Первого священник отвел в сторонку, и между ними состоялся непродолжительный разговор. Тот, что назвался Дэвидом, при этом остался стоять на месте. С десяти метров можно было разглядеть, что находиться здесь ему несколько не по себе, но вот приходится ждать. В какой-то момент он нервно глянул через улицу прямо на то место, где стоял я, но я не пошевелился. Если ты до конца не уверен, что тебя рассекретили, то шевеление – фактически гарантия того, что тебя непременно засекут.
В конце концов священник вынул из кармана ключи и отпер дверь церкви. Посторонившись, он пропустил своих визитеров внутрь, после чего зашел сам. Дверь за ними крепко захлопнулась.
Я вышел из своего укрытия. В жизненном укладе священнослужителей я не сказать чтобы сведущ. Можно смело предположить, что радение о духовном здоровье паствы вряд ли ограничивается у них рамками нормированного рабочего дня, а просьбы о пасторском наставлении могут возникать почти в любое время. Однако не совсем обычно и то, чтобы двое явно не набожного вида мужчин вдруг объявились здесь в половине девятого вечера. К тому же у них, судя по всему, не было сомнения в том, что их примут. Тот, что повыше, производил впечатление человека, едва ли не оказывающего на священника влияние, или уж, во всяком случае, состоящего с ним на короткой ноге.

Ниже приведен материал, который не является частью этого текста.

(* Let $t$ be a closed $\lambda$-term. If there are a value $v$ and a reduction sequence $t\to_{\beta_v}^* v$, then there is a derivation of $\vdash t:\mathtt{n}$ (empty type context) in the silly multi type system.
   Context: $\lambda$-terms $t ::= x\mid\lambda x.t\mid tu$; values are abstractions. CbV contexts $V ::= \langle\cdot\rangle\mid tV\mid Vt$; root rule $(\lambda x.t)v\mapsto_{\beta_v} t\{x:=v\}$ for $v$ a value; $\to_{\beta_v}$ is its closure under CbV contexts. Silly multi types: linear types $L ::= \mathtt{n} \mid M\multimap L$; multi types $M ::= [L_i]_{i\in I}$ finite multisets ($\mathbf{0}$ empty, $\uplus$ sum). Type contexts $\Gamma$ map variables to multi types with finite support; $\uplus$ pointwise; $\Gamma\setminus\!\!\setminus x$ sets $x$ to $\mathbf{0}$. Judgements $\Gamma\vdash^{(m,e)} t:T$, written $\Gamma\vdash t:T$ when indices are irrelevant. Rules: (ax) $x:[L]\vdash^{(0,1)} x:L$; (many) from $(\Gamma_i\vdash^{(m_i,e_i)} t : L_i)_{i\in I}$, $I$ finite possibly empty, infer $\uplus_i\Gamma_i\vdash^{(\sum m_i,\sum e_i)} t : [L_i]_{i\in I}$; ($\mathrm{ax}_\lambda$) $\vdash^{(0,0)}\lambda x.t:\mathtt{n}$; ($\lambda$) from $\Gamma\vdash^{(m,e)}t:L$ infer $\Gamma\setminus\!\!\setminus x\vdash^{(m,e)}\lambda x.t:\Gamma(x)\multimap L$; (@) from $\Gamma\vdash^{(m,e)} t : M\multimap L$ and $\Delta\vdash^{(m',e')} u : M\uplus[\mathtt{n}]$ infer $\Gamma\uplus\Delta\vdash^{(m+m'+1,e+e')} tu : L$. *)

From Stdlib Require Import List Arith Permutation Relations.
Import ListNotations.

Inductive term : Type :=
| Var : nat -> term
| Lam : term -> term
| App : term -> term -> term.

Definition is_value (t : term) : Prop :=
  match t with Lam _ => True | _ => False end.

Fixpoint closed_at (k : nat) (t : term) : Prop :=
  match t with
  | Var n => n < k
  | Lam b => closed_at (S k) b
  | App a b => closed_at k a /\ closed_at k b
  end.

Definition closed (t : term) : Prop := closed_at 0 t.

Fixpoint lift (d c : nat) (t : term) : term :=
  match t with
  | Var n => if n <? c then Var n else Var (n + d)
  | Lam b => Lam (lift d (S c) b)
  | App a b => App (lift d c a) (lift d c b)
  end.

Fixpoint subst_at (j : nat) (u : term) (t : term) : term :=
  match t with
  | Var n => if n =? j then lift j 0 u
             else if j <? n then Var (pred n) else Var n
  | Lam b => Lam (subst_at (S j) u b)
  | App a b => App (subst_at j u a) (subst_at j u b)
  end.

(* t{x := v} for the bound variable of an abstraction *)
Definition subst0 (t u : term) : term := subst_at 0 u t.

Inductive step_bv : term -> term -> Prop :=
| bv_root : forall t v, is_value v -> step_bv (App (Lam t) v) (subst0 t v)
| bv_appR : forall t u u', step_bv u u' -> step_bv (App t u) (App t u')
| bv_appL : forall t t' u, step_bv t t' -> step_bv (App t u) (App t' u).

Definition steps_bv : term -> term -> Prop := clos_refl_trans term step_bv.

(* linear types L ::= n | M -o L, multi types represented by lists
   (finite multisets, identified up to permutation via [eqL]/[eqM]) *)
Inductive ltype : Type :=
| Tn : ltype
| Tarr : list ltype -> ltype -> ltype.

Definition mtype := list ltype.

(* equality of linear types, where multisets are compared up to reordering
   (recursively): this is equality of types-with-multisets *)
Inductive eqL : ltype -> ltype -> Prop :=
| eqL_n : eqL Tn Tn
| eqL_arr : forall (M M' M'' : mtype) (L L' : ltype),
    Permutation M' M'' -> Forall2 eqL M M'' -> eqL L L' ->
    eqL (Tarr M L) (Tarr M' L').

Definition eqM (M M' : mtype) : Prop :=
  exists M'', Permutation M' M'' /\ Forall2 eqL M M''.

(* type contexts: de Bruijn index -> multi type (finite support is automatic
   for contexts produced by derivations) *)
Definition tctx := nat -> mtype.
Definition ctx_empty : tctx := fun _ => [].
Definition ctx_single (x : nat) (L : ltype) : tctx :=
  fun y => if y =? x then [L] else [].
Definition ctx_union (G D : tctx) : tctx := fun y => G y ++ D y.
(* Γ \\ x for the abstracted variable (index 0), followed by the de Bruijn
   shift of the remaining variables *)
Definition ctx_tail (G : tctx) : tctx := fun y => G (S y).

Inductive typ : tctx -> term -> ltype -> nat -> nat -> Prop :=
| ty_ax : forall x L, typ (ctx_single x L) (Var x) L 0 1
| ty_axlam : forall t, typ ctx_empty (Lam t) Tn 0 0
| ty_lam : forall G t L m e,
    typ G t L m e -> typ (ctx_tail G) (Lam t) (Tarr (G 0) L) m e
| ty_app : forall G D t u M M' L m e m' e',
    typ G t (Tarr M L) m e ->
    typM D u M' m' e' ->
    eqM M' (M ++ [Tn]) ->
    typ (ctx_union G D) (App t u) L (m + m' + 1) (e + e')
with typM : tctx -> term -> mtype -> nat -> nat -> Prop :=
| tyM_nil : forall t, typM ctx_empty t [] 0 0
| tyM_cons : forall G D t L M m e m' e',
    typ G t L m e -> typM D t M m' e' ->
    typM (ctx_union G D) t (L :: M) (m + m') (e + e').

(* Typability is preserved backwards along call-by-value reduction (subject
   expansion), and every value has type [n] in the empty context by (ax_λ).
   To type a redex (λx.t) v from a typing of t{x:=v}, an anti-substitution
   lemma recovers the multi type M at which the occurrences of x are used,
   together with a typing of v at M.  The application rule of the silly
   system asks for the argument at M ⊎ [n]; the extra [n] is supplied by
   (ax_λ), because the argument of a β_v-redex is a value.  Since the reduct
   of a closed term is closed, v is closed and typed in the empty context, so
   no splitting of its type context is needed. *)
From Stdlib Require Import List Arith Lia Relations FunctionalExtensionality.
Import ListNotations.

Scheme typ_mut := Induction for typ Sort Prop
  with typM_mut := Induction for typM Sort Prop.

Definition typable (G : tctx) (t : term) (L : ltype) : Prop :=
  exists m e, typ G t L m e.

Definition typableM (G : tctx) (t : term) (M : mtype) : Prop :=
  exists m e, typM G t M m e.

Lemma closed_at_weaken t k k' : closed_at k t -> k <= k' -> closed_at k' t.
Proof.
  revert k k'; induction t as [n|b IHb|a IHa b IHb]; simpl; intros k k' Ht Hk.
  - lia.
  - apply (IHb (S k)); [assumption | lia].
  - destruct Ht; split; eauto.
Qed.

Lemma lift_closed_at t d c k : closed_at k t -> k <= c -> lift d c t = t.
Proof.
  revert c k; induction t as [n|b IHb|a IHa b IHb]; simpl; intros c k Ht Hk.
  - destruct (Nat.ltb_spec n c); [reflexivity | lia].
  - f_equal; apply (IHb (S c) (S k)); [assumption | lia].
  - destruct Ht; f_equal; eauto.
Qed.

Lemma lift_closed t d c : closed t -> lift d c t = t.
Proof. intros Ht; apply (lift_closed_at t d c 0); [assumption | lia]. Qed.

Lemma closed_at_subst_at v t j k :
  closed v -> closed_at (S k) t -> j <= k -> closed_at k (subst_at j v t).
Proof.
  intros Hv; revert j k; induction t as [n|b IHb|a IHa b IHb]; simpl; intros j k Ht Hj.
  - destruct (Nat.eqb_spec n j).
    + rewrite lift_closed by assumption. apply (closed_at_weaken v 0); [assumption | lia].
    + destruct (Nat.ltb_spec j n); simpl; lia.
  - apply IHb; [assumption | lia].
  - destruct Ht; split; auto.
Qed.

Lemma step_bv_closed t t' : step_bv t t' -> closed t -> closed t'.
Proof.
  unfold closed; induction 1 as [t v _| |]; simpl; intros [Ha Hb].
  - apply closed_at_subst_at; [assumption | assumption | lia].
  - split; auto.
  - split; auto.
Qed.

Definition ctx_insert (j : nat) (M : mtype) (G : tctx) : tctx :=
  fun y => if y <? j then G y else if y =? j then M else G (pred y).

Lemma ctx_insert_union j M1 M2 G D :
  ctx_insert j (M1 ++ M2) (ctx_union G D)
  = ctx_union (ctx_insert j M1 G) (ctx_insert j M2 D).
Proof.
  extensionality y; unfold ctx_insert, ctx_union.
  destruct (y <? j), (y =? j); reflexivity.
Qed.

Lemma ctx_insert_nil_empty j : ctx_insert j [] ctx_empty = ctx_empty.
Proof.
  extensionality y; unfold ctx_insert, ctx_empty.
  destruct (y <? j), (y =? j); reflexivity.
Qed.

Lemma ctx_insert_single_empty j L : ctx_insert j [L] ctx_empty = ctx_single j L.
Proof.
  extensionality y; unfold ctx_insert, ctx_single, ctx_empty.
  destruct (Nat.ltb_spec y j), (Nat.eqb_spec y j); reflexivity || lia.
Qed.

Lemma ctx_insert_nil_single j n L : n <> j ->
  ctx_insert j [] (ctx_single (if j <? n then pred n else n) L) = ctx_single n L.
Proof.
  intros Hnj; extensionality y; unfold ctx_insert, ctx_single.
  destruct (Nat.ltb_spec j n), (Nat.ltb_spec y j), (Nat.eqb_spec y j);
    repeat match goal with |- context [?a =? ?b] => destruct (Nat.eqb_spec a b) end;
    reflexivity || lia.
Qed.

Lemma ctx_tail_insert j M G :
  ctx_tail (ctx_insert (S j) M G) = ctx_insert j M (ctx_tail G).
Proof.
  extensionality y; unfold ctx_insert, ctx_tail.
  destruct (Nat.ltb_spec (S y) (S j)), (Nat.ltb_spec y j); try lia; [reflexivity|].
  destruct (Nat.eqb_spec (S y) (S j)), (Nat.eqb_spec y j); try lia; [reflexivity|].
  destruct y; [lia | reflexivity].
Qed.

Lemma typ_ctx_closed_at G t L m e :
  typ G t L m e -> forall k, closed_at k t -> forall y, k <= y -> G y = [].
Proof.
  revert G t L m e.
  apply (typ_mut
    (fun G t _ _ _ _ => forall k, closed_at k t -> forall y, k <= y -> G y = [])
    (fun G t _ _ _ _ => forall k, closed_at k t -> forall y, k <= y -> G y = []));
    unfold ctx_single, ctx_tail, ctx_union; simpl.
  - intros x L k Hx y Hy. destruct (Nat.eqb_spec y x); [lia | reflexivity].
  - reflexivity.
  - intros G t L m e _ IH k Ht y Hy. apply (IH (S k)); [assumption | lia].
  - intros G D t u M M' L m e m' e' _ IHt _ IHu _ k [Ht Hu] y Hy.
    rewrite (IHt k Ht y Hy), (IHu k Hu y Hy); reflexivity.
  - reflexivity.
  - intros G D t L M m e m' e' _ IHt _ IHM k Ht y Hy.
    rewrite (IHt k Ht y Hy), (IHM k Ht y Hy); reflexivity.
Qed.

Lemma typ_closed_ctx_empty G t L m e : typ G t L m e -> closed t -> G = ctx_empty.
Proof.
  intros HT Ht; extensionality y.
  apply (typ_ctx_closed_at G t L m e HT 0); [assumption | lia].
Qed.

Lemma typM_app G D t M1 M2 m e m' e' :
  typM G t M1 m e -> typM D t M2 m' e' ->
  typM (ctx_union G D) t (M1 ++ M2) (m + m') (e + e').
Proof.
  intros H1 H2; induction H1 as [|G1 G2 t L M m1 e1 m2 e2 HL _ IH]; [exact H2|].
  replace (ctx_union (ctx_union G1 G2) D) with (ctx_union G1 (ctx_union G2 D))
    by (extensionality y; apply app_assoc).
  rewrite <- !Nat.add_assoc. constructor; [exact HL | exact (IH H2)].
Qed.

Lemma typableM_app G D t M1 M2 :
  typableM G t M1 -> typableM D t M2 -> typableM (ctx_union G D) t (M1 ++ M2).
Proof.
  intros (m & e & H1) (m' & e' & H2). exists (m + m'), (e + e').
  apply typM_app; assumption.
Qed.

Lemma typableM_transfer t u :
  (forall G L, typable G t L -> typable G u L) ->
  forall G M, typableM G t M -> typableM G u M.
Proof.
  intros Htu G M (m & e & HM).
  induction HM as [|G D t L M mL eL mM eM HL _ IH].
  - exists 0, 0; constructor.
  - destruct (Htu G L) as (m1 & e1 & H1); [exists mL, eL; exact HL|].
    destruct (IH Htu) as (m2 & e2 & H2).
    exists (m1 + m2), (e1 + e2); constructor; assumption.
Qed.

Lemma value_typable_n v : is_value v -> typable ctx_empty v Tn.
Proof.
  destruct v as [|b|]; simpl; try contradiction; intros _.
  exists 0, 0; constructor.
Qed.

Lemma value_typableM_n v : is_value v -> typableM ctx_empty v [Tn].
Proof.
  intros Hv; destruct (value_typable_n v Hv) as (m & e & Hn).
  exists (m + 0), (e + 0); apply (tyM_cons ctx_empty ctx_empty); [exact Hn | constructor].
Qed.

Lemma eqL_refl L : eqL L L.
Proof.
  revert L; fix IH 1; intros [|M L].
  - constructor.
  - apply eqL_arr with M; [reflexivity | | apply IH].
    induction M as [|L' M IHM]; constructor; [apply IH | exact IHM].
Qed.

Lemma eqM_refl M : eqM M M.
Proof.
  exists M; split; [reflexivity|].
  induction M; constructor; [apply eqL_refl | assumption].
Qed.

Section AntiSubstitution.

Variable v : term.
Hypothesis v_closed : closed v.

Lemma typM_anti_subst_at t j :
  (forall G L m e, typ G (subst_at j v t) L m e ->
     exists M, typable (ctx_insert j M G) t L /\ typableM ctx_empty v M) ->
  forall D N m e, typM D (subst_at j v t) N m e ->
  exists M, typableM (ctx_insert j M D) t N /\ typableM ctx_empty v M.
Proof.
  intros IHt D N m e HN; remember (subst_at j v t) as s eqn:Es.
  induction HN as [s|G D s L N m e m' e' HL _ IHN]; subst s.
  - exists []; rewrite ctx_insert_nil_empty.
    split; exists 0, 0; constructor.
  - destruct (IHt _ _ _ _ HL) as (M1 & (m1 & e1 & H1) & Hv1).
    destruct (IHN eq_refl IHt) as (M2 & (m2 & e2 & H2) & Hv2).
    exists (M1 ++ M2); rewrite ctx_insert_union; split.
    + exists (m1 + m2), (e1 + e2); constructor; assumption.
    + apply (typableM_app ctx_empty ctx_empty); assumption.
Qed.

Lemma typ_anti_subst_at t : forall j G L m e,
  typ G (subst_at j v t) L m e ->
  exists M, typable (ctx_insert j M G) t L /\ typableM ctx_empty v M.
Proof.
  induction t as [n|b IHb|a IHa b IHb]; intros j G L m e HT.
  - simpl in HT; destruct (Nat.eqb_spec n j) as [->|Hnj].
    + rewrite lift_closed in HT by assumption.
      rewrite (typ_closed_ctx_empty G v L m e HT v_closed) in HT |- *.
      exists [L]; rewrite ctx_insert_single_empty; split.
      * exists 0, 1; constructor.
      * exists (m + 0), (e + 0).
        apply (tyM_cons ctx_empty ctx_empty); [exact HT | constructor].
    + replace (if j <? n then Var (pred n) else Var n)
        with (Var (if j <? n then pred n else n)) in HT by (destruct (j <? n); reflexivity).
      inversion HT; subst.
      exists []; rewrite ctx_insert_nil_single by assumption.
      split; [exists 0, 1 | exists 0, 0]; constructor.
  - inversion HT as [| | G' s L' m' e' Hb| ]; subst.
    + exists []; rewrite ctx_insert_nil_empty.
      split; exists 0, 0; constructor.
    + destruct (IHb _ _ _ _ _ Hb) as (M & (mb & eb & Hb') & Hv).
      exists M; split; [|exact Hv].
      rewrite <- ctx_tail_insert.
      exists mb, eb; exact (ty_lam _ _ _ _ _ Hb').
  - inversion HT as [| | |Ga Gb s u Ma Mb L' ma ea mb eb Ha Hb Heq]; subst.
    destruct (IHa _ _ _ _ _ Ha) as (M1 & (m1 & e1 & Ha') & Hv1).
    destruct (typM_anti_subst_at b j (IHb j) _ _ _ _ Hb) as (M2 & (m2 & e2 & Hb') & Hv2).
    exists (M1 ++ M2); rewrite ctx_insert_union; split.
    + exists (m1 + m2 + 1), (e1 + e2); econstructor; eassumption.
    + apply (typableM_app ctx_empty ctx_empty); assumption.
Qed.

End AntiSubstitution.

Lemma typable_step_expansion t t' : step_bv t t' -> closed t ->
  forall G L, typable G t' L -> typable G t L.
Proof.
  induction 1 as [t v Hv|t u u' _ IH|t t' u _ IH]; intros [Ht Hu] G L (m & e & HT).
  - destruct (typ_anti_subst_at v Hu t 0 G L m e HT) as (M & (mt & et & Ht') & Hvm).
    destruct (typableM_app ctx_empty ctx_empty v M [Tn] Hvm (value_typableM_n v Hv))
      as (mv & ev & Hv').
    exists (mt + mv + 1), (et + ev).
    replace G with (ctx_union (ctx_tail (ctx_insert 0 M G)) ctx_empty)
      by (extensionality y; apply app_nil_r).
    eapply ty_app; [exact (ty_lam _ _ _ _ _ Ht') | exact Hv' | apply eqM_refl].
  - inversion HT as [| | |Ga Gb s w Ma Mb L' ma ea mb eb Ha Hb Heq]; subst.
    destruct (typableM_transfer u' u (fun G L => IH Hu G L) Gb Mb)
      as (mb' & eb' & Hb'); [exists mb, eb; exact Hb|].
    exists (ma + mb' + 1), (ea + eb'); econstructor; eassumption.
  - inversion HT as [| | |Ga Gb s w Ma Mb L' ma ea mb eb Ha Hb Heq]; subst.
    destruct (IH Ht Ga (Tarr Ma L)) as (ma' & ea' & Ha'); [exists ma, ea; exact Ha|].
    exists (ma' + mb + 1), (ea' + eb); econstructor; eassumption.
Qed.

Lemma typable_steps_expansion t t' : steps_bv t t' -> closed t ->
  forall G L, typable G t' L -> typable G t L.
Proof.
  intros Hs; apply clos_rt_rt1n in Hs.
  induction Hs as [|t s t' Hstep _ IH]; intros Ht G L HT; [exact HT|].
  apply (typable_step_expansion t s Hstep Ht).
  exact (IH (step_bv_closed t s Hstep Ht) G L HT).
Qed.

Theorem theorem7p4 (t v : term) :
  closed t -> is_value v -> steps_bv t v ->
  exists (G : tctx) (m e : nat), (forall x, G x = nil) /\ typ G t Tn m e.
Proof.
  intros Ht Hv Hs.
  destruct (typable_steps_expansion t v Hs Ht ctx_empty Tn (value_typable_n v Hv))
    as (m & e & HT).
  exists ctx_empty, m, e; split; [reflexivity | exact HT].
Qed.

Возможно, они из числа прихожан, с которыми священник связан какой-нибудь программой по обращению в лоно церкви, и теперь осторожно взбираются по отрогам духовного исцеления.
Понятно, все это не мое дело.
Но я продолжал смотреть.
Через четверть часа на улицу вырулил еще кто-то, и в глаза сразу же бросилось его различие с другими людьми. Отчасти оно было в том, как он был одет – темный костюм под длиннополым, дорогого вида пальто, но в основном дело было в походке. Есть некая динамика движения, которую можно видеть только в городе, властная порывистость мужчины – причем именно мужчины. У женщин тоже есть походка, выражающая властность, но она совсем не такая. А у мужчин это пружинистость доминантного самца в ареале, который он считает своим. В сельской местности и мелких городах такой походки не встретишь: в них нет той энергетики, свойственной каменным джунглям. Чтобы увидеть такую манеру идти, надо находиться непременно в мегаполисе.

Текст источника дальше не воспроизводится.